## [TASK REQUIREMENTS]
Find the line with "rewrite (eq_bigr (fun" in the entries below. Repeat it, every following line, and the line with "[:: 0; 2; 1; -2; 0;", exactly and with nothing added.

◇ ◇ ◇ ◇

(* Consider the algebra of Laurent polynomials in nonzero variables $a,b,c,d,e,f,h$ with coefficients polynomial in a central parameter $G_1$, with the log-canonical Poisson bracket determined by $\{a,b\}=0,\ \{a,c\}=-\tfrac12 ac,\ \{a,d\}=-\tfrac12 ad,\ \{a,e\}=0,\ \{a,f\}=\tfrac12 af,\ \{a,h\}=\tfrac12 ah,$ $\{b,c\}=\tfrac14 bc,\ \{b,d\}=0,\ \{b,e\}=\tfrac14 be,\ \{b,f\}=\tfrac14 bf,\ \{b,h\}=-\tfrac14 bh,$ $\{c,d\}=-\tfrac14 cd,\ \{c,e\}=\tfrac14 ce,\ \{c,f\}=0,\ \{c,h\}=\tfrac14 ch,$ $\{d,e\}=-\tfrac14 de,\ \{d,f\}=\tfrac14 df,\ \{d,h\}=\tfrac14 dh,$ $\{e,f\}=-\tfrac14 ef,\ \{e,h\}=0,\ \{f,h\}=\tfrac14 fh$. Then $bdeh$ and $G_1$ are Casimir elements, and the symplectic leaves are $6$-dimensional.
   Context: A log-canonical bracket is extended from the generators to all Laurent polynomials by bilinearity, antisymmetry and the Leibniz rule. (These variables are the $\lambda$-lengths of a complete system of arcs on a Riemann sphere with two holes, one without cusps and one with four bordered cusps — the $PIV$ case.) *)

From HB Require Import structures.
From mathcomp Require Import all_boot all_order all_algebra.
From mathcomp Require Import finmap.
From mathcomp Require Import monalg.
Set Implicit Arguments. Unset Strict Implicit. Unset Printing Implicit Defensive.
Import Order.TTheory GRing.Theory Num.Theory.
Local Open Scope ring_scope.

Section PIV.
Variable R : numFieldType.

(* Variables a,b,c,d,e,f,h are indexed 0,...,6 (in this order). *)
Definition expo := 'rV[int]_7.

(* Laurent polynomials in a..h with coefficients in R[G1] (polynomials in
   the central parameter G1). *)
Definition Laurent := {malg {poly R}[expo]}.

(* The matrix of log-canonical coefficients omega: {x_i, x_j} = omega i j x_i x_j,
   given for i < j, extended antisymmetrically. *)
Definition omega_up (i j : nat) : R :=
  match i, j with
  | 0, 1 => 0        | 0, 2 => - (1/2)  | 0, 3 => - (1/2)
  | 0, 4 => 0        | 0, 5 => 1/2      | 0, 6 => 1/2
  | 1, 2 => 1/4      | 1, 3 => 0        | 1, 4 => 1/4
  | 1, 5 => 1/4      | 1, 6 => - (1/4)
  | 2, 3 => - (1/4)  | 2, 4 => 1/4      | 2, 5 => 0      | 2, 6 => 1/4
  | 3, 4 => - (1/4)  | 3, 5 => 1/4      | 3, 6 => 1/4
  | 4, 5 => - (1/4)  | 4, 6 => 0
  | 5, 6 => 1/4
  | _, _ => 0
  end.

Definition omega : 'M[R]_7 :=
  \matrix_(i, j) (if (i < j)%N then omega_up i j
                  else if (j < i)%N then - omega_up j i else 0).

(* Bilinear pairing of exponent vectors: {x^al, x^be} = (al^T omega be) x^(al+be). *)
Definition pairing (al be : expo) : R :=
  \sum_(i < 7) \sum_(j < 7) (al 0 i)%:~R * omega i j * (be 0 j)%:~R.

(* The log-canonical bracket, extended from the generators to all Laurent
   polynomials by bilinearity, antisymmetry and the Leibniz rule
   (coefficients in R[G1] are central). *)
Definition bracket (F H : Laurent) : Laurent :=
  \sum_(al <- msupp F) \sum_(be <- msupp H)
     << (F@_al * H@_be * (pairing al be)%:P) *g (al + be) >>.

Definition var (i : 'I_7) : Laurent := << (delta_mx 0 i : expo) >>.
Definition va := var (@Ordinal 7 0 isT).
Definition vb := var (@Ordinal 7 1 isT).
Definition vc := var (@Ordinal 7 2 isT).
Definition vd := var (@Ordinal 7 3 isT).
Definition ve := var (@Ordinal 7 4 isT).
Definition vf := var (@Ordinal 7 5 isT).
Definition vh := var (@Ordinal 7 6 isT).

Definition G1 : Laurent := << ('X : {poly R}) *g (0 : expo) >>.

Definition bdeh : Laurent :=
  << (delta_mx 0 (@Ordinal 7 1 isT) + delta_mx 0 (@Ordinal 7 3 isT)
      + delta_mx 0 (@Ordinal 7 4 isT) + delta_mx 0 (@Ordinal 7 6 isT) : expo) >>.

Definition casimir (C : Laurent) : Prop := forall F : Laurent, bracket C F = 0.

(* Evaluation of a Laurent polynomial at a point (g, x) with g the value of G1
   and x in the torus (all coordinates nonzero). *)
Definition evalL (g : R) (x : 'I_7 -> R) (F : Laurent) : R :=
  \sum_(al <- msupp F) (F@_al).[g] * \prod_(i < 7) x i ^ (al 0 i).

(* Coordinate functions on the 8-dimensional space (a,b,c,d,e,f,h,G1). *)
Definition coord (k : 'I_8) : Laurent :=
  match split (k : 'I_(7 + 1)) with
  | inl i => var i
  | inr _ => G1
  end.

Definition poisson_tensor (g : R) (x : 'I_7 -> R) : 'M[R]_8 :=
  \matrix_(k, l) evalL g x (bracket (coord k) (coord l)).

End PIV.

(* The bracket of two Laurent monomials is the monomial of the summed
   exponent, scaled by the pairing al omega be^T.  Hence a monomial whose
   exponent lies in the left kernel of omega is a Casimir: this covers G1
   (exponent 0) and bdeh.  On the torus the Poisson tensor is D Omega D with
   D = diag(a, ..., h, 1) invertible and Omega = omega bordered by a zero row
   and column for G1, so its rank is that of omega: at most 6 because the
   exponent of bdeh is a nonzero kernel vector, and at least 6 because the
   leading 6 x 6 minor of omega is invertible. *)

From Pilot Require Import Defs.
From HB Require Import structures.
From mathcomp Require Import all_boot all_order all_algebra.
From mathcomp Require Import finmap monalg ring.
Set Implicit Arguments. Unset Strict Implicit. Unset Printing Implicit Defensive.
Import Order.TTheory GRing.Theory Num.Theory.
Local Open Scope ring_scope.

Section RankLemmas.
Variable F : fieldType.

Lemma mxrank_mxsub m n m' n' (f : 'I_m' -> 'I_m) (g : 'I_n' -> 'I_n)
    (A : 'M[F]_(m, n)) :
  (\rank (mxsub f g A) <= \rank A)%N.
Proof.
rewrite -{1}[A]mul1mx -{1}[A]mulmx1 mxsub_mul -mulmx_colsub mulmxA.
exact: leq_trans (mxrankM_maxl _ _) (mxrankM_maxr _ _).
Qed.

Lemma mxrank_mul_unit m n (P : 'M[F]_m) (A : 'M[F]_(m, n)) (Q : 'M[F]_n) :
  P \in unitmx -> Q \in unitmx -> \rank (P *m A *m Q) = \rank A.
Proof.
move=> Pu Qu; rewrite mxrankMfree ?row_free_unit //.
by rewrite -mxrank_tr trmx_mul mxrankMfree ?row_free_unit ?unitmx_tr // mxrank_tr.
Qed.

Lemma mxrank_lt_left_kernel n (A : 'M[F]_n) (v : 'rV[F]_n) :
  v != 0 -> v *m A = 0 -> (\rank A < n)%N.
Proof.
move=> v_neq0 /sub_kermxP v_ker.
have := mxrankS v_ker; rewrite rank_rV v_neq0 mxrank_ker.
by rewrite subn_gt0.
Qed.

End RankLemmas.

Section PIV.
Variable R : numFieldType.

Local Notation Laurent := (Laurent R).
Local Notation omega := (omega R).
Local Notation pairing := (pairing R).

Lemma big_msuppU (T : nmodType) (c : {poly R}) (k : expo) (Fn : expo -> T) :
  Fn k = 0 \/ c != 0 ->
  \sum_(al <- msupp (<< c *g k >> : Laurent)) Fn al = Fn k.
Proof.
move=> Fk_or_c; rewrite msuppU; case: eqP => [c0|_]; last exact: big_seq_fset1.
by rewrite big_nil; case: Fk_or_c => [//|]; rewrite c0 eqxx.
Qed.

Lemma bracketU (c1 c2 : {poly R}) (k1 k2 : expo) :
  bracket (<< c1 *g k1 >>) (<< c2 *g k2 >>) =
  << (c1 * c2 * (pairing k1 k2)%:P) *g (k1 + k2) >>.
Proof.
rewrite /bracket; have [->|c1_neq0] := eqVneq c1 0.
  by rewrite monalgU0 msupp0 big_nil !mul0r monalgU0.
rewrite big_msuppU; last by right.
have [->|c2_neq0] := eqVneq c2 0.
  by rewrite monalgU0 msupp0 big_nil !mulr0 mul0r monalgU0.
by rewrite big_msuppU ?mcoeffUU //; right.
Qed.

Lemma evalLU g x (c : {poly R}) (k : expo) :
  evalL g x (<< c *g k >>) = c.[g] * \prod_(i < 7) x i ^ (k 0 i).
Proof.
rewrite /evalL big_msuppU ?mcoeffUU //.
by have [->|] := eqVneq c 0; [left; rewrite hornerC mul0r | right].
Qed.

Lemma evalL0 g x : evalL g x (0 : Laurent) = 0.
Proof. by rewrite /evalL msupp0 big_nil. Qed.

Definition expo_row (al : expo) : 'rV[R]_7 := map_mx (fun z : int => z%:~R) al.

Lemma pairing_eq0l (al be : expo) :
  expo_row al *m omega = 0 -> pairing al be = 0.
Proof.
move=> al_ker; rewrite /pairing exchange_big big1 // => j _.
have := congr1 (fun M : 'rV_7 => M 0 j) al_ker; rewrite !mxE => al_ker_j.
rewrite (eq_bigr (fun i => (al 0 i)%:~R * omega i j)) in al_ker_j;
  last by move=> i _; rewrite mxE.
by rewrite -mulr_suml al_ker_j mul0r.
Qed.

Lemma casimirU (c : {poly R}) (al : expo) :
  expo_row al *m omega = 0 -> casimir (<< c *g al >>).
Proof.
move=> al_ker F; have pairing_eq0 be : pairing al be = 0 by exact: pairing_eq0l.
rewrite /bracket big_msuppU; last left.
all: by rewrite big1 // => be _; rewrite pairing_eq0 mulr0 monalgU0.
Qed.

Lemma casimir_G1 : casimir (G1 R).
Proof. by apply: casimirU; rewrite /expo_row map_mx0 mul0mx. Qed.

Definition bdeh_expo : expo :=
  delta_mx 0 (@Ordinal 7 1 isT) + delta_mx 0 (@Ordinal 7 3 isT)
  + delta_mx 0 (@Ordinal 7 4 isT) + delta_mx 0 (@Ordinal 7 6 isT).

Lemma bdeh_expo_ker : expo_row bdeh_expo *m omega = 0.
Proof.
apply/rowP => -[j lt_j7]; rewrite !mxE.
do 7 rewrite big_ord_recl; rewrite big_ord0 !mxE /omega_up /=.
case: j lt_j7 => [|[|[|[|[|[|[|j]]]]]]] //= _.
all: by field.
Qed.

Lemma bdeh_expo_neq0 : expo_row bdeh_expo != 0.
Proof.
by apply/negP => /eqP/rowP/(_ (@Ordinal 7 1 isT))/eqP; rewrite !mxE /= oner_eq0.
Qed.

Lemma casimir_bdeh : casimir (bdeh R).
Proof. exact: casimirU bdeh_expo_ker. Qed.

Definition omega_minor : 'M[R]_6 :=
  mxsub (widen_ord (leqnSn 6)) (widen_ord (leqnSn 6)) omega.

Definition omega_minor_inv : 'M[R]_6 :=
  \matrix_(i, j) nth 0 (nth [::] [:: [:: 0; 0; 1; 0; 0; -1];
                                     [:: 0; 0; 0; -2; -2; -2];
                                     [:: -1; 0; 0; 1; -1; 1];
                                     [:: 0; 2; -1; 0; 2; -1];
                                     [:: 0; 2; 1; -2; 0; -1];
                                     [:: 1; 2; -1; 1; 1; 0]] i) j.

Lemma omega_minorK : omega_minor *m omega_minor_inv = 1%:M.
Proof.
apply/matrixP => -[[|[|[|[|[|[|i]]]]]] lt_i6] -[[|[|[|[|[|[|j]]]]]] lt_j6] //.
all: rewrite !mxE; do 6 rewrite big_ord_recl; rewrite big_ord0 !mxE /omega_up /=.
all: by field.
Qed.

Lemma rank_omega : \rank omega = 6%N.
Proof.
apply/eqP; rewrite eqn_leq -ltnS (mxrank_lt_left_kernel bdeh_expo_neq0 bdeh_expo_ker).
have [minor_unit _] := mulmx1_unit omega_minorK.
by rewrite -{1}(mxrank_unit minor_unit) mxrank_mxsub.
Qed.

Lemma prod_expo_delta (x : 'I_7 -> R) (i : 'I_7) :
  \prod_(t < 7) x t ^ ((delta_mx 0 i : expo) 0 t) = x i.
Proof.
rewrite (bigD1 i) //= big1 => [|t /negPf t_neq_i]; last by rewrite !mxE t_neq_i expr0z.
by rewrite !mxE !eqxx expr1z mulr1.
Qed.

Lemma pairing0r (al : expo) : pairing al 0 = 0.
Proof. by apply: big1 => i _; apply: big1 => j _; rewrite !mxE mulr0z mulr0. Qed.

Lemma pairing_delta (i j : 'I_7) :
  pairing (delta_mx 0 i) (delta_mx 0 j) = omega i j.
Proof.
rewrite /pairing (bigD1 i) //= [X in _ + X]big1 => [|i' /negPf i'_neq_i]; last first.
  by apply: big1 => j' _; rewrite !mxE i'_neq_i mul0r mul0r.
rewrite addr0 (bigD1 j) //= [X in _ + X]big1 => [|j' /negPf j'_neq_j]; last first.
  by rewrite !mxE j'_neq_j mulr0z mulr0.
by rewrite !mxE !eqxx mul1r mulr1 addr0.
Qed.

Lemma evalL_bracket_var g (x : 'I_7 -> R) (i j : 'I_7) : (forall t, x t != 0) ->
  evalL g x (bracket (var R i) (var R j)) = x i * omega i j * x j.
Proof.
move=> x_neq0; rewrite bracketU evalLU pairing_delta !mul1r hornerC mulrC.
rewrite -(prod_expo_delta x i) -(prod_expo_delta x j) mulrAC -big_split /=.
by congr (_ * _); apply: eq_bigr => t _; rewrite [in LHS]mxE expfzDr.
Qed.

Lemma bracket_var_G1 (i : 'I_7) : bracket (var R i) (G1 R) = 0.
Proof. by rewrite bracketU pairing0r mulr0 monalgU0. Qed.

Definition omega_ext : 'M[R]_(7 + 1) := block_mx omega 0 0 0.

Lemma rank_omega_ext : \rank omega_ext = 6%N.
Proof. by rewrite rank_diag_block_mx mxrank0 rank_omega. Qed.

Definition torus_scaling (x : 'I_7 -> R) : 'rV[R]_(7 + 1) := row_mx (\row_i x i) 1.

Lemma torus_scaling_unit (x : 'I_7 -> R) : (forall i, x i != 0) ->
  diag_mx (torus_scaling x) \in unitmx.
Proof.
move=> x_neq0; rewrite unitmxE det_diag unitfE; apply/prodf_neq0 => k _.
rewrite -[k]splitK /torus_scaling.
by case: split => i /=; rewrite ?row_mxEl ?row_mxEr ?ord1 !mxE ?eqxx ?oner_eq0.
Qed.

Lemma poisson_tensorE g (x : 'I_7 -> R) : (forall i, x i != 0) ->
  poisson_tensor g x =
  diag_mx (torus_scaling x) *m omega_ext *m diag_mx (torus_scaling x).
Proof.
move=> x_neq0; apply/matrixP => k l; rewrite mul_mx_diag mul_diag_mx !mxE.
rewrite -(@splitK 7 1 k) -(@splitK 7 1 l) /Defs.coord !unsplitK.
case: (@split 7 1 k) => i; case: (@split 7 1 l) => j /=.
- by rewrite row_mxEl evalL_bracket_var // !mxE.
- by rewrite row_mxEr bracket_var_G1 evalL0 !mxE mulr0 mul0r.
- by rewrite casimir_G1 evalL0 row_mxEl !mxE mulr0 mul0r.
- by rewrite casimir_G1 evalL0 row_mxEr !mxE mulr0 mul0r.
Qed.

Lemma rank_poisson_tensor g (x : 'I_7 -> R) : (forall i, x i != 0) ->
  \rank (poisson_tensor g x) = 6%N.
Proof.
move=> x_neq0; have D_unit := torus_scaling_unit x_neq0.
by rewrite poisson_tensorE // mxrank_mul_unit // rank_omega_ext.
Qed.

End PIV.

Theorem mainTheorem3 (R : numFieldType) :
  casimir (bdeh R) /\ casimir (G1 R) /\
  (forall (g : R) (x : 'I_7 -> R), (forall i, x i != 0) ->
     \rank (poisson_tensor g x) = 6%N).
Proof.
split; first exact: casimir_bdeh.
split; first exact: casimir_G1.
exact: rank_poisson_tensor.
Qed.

◇ ◇ ◇ ◇

## [SOLUTION TO THE PROBLEM]
rewrite (eq_bigr (fun i => (al 0 i)%:~R * omega i j)) in al_ker_j;
  last by move=> i _; rewrite mxE.
by rewrite -mulr_suml al_ker_j mul0r.
Qed.

Lemma casimirU (c : {poly R}) (al : expo) :
  expo_row al *m omega = 0 -> casimir (<< c *g al >>).
Proof.
move=> al_ker F; have pairing_eq0 be : pairing al be = 0 by exact: pairing_eq0l.
rewrite /bracket big_msuppU; last left.
all: by rewrite big1 // => be _; rewrite pairing_eq0 mulr0 monalgU0.
Qed.

Lemma casimir_G1 : casimir (G1 R).
Proof. by apply: casimirU; rewrite /expo_row map_mx0 mul0mx. Qed.

Definition bdeh_expo : expo :=
  delta_mx 0 (@Ordinal 7 1 isT) + delta_mx 0 (@Ordinal 7 3 isT)
  + delta_mx 0 (@Ordinal 7 4 isT) + delta_mx 0 (@Ordinal 7 6 isT).

Lemma bdeh_expo_ker : expo_row bdeh_expo *m omega = 0.
Proof.
apply/rowP => -[j lt_j7]; rewrite !mxE.
do 7 rewrite big_ord_recl; rewrite big_ord0 !mxE /omega_up /=.
case: j lt_j7 => [|[|[|[|[|[|[|j]]]]]]] //= _.
all: by field.
Qed.

Lemma bdeh_expo_neq0 : expo_row bdeh_expo != 0.
Proof.
by apply/negP => /eqP/rowP/(_ (@Ordinal 7 1 isT))/eqP; rewrite !mxE /= oner_eq0.
Qed.

Lemma casimir_bdeh : casimir (bdeh R).
Proof. exact: casimirU bdeh_expo_ker. Qed.

Definition omega_minor : 'M[R]_6 :=
  mxsub (widen_ord (leqnSn 6)) (widen_ord (leqnSn 6)) omega.

Definition omega_minor_inv : 'M[R]_6 :=
  \matrix_(i, j) nth 0 (nth [::] [:: [:: 0; 0; 1; 0; 0; -1];
                                     [:: 0; 0; 0; -2; -2; -2];
                                     [:: -1; 0; 0; 1; -1; 1];
                                     [:: 0; 2; -1; 0; 2; -1];
                                     [:: 0; 2; 1; -2; 0; -1];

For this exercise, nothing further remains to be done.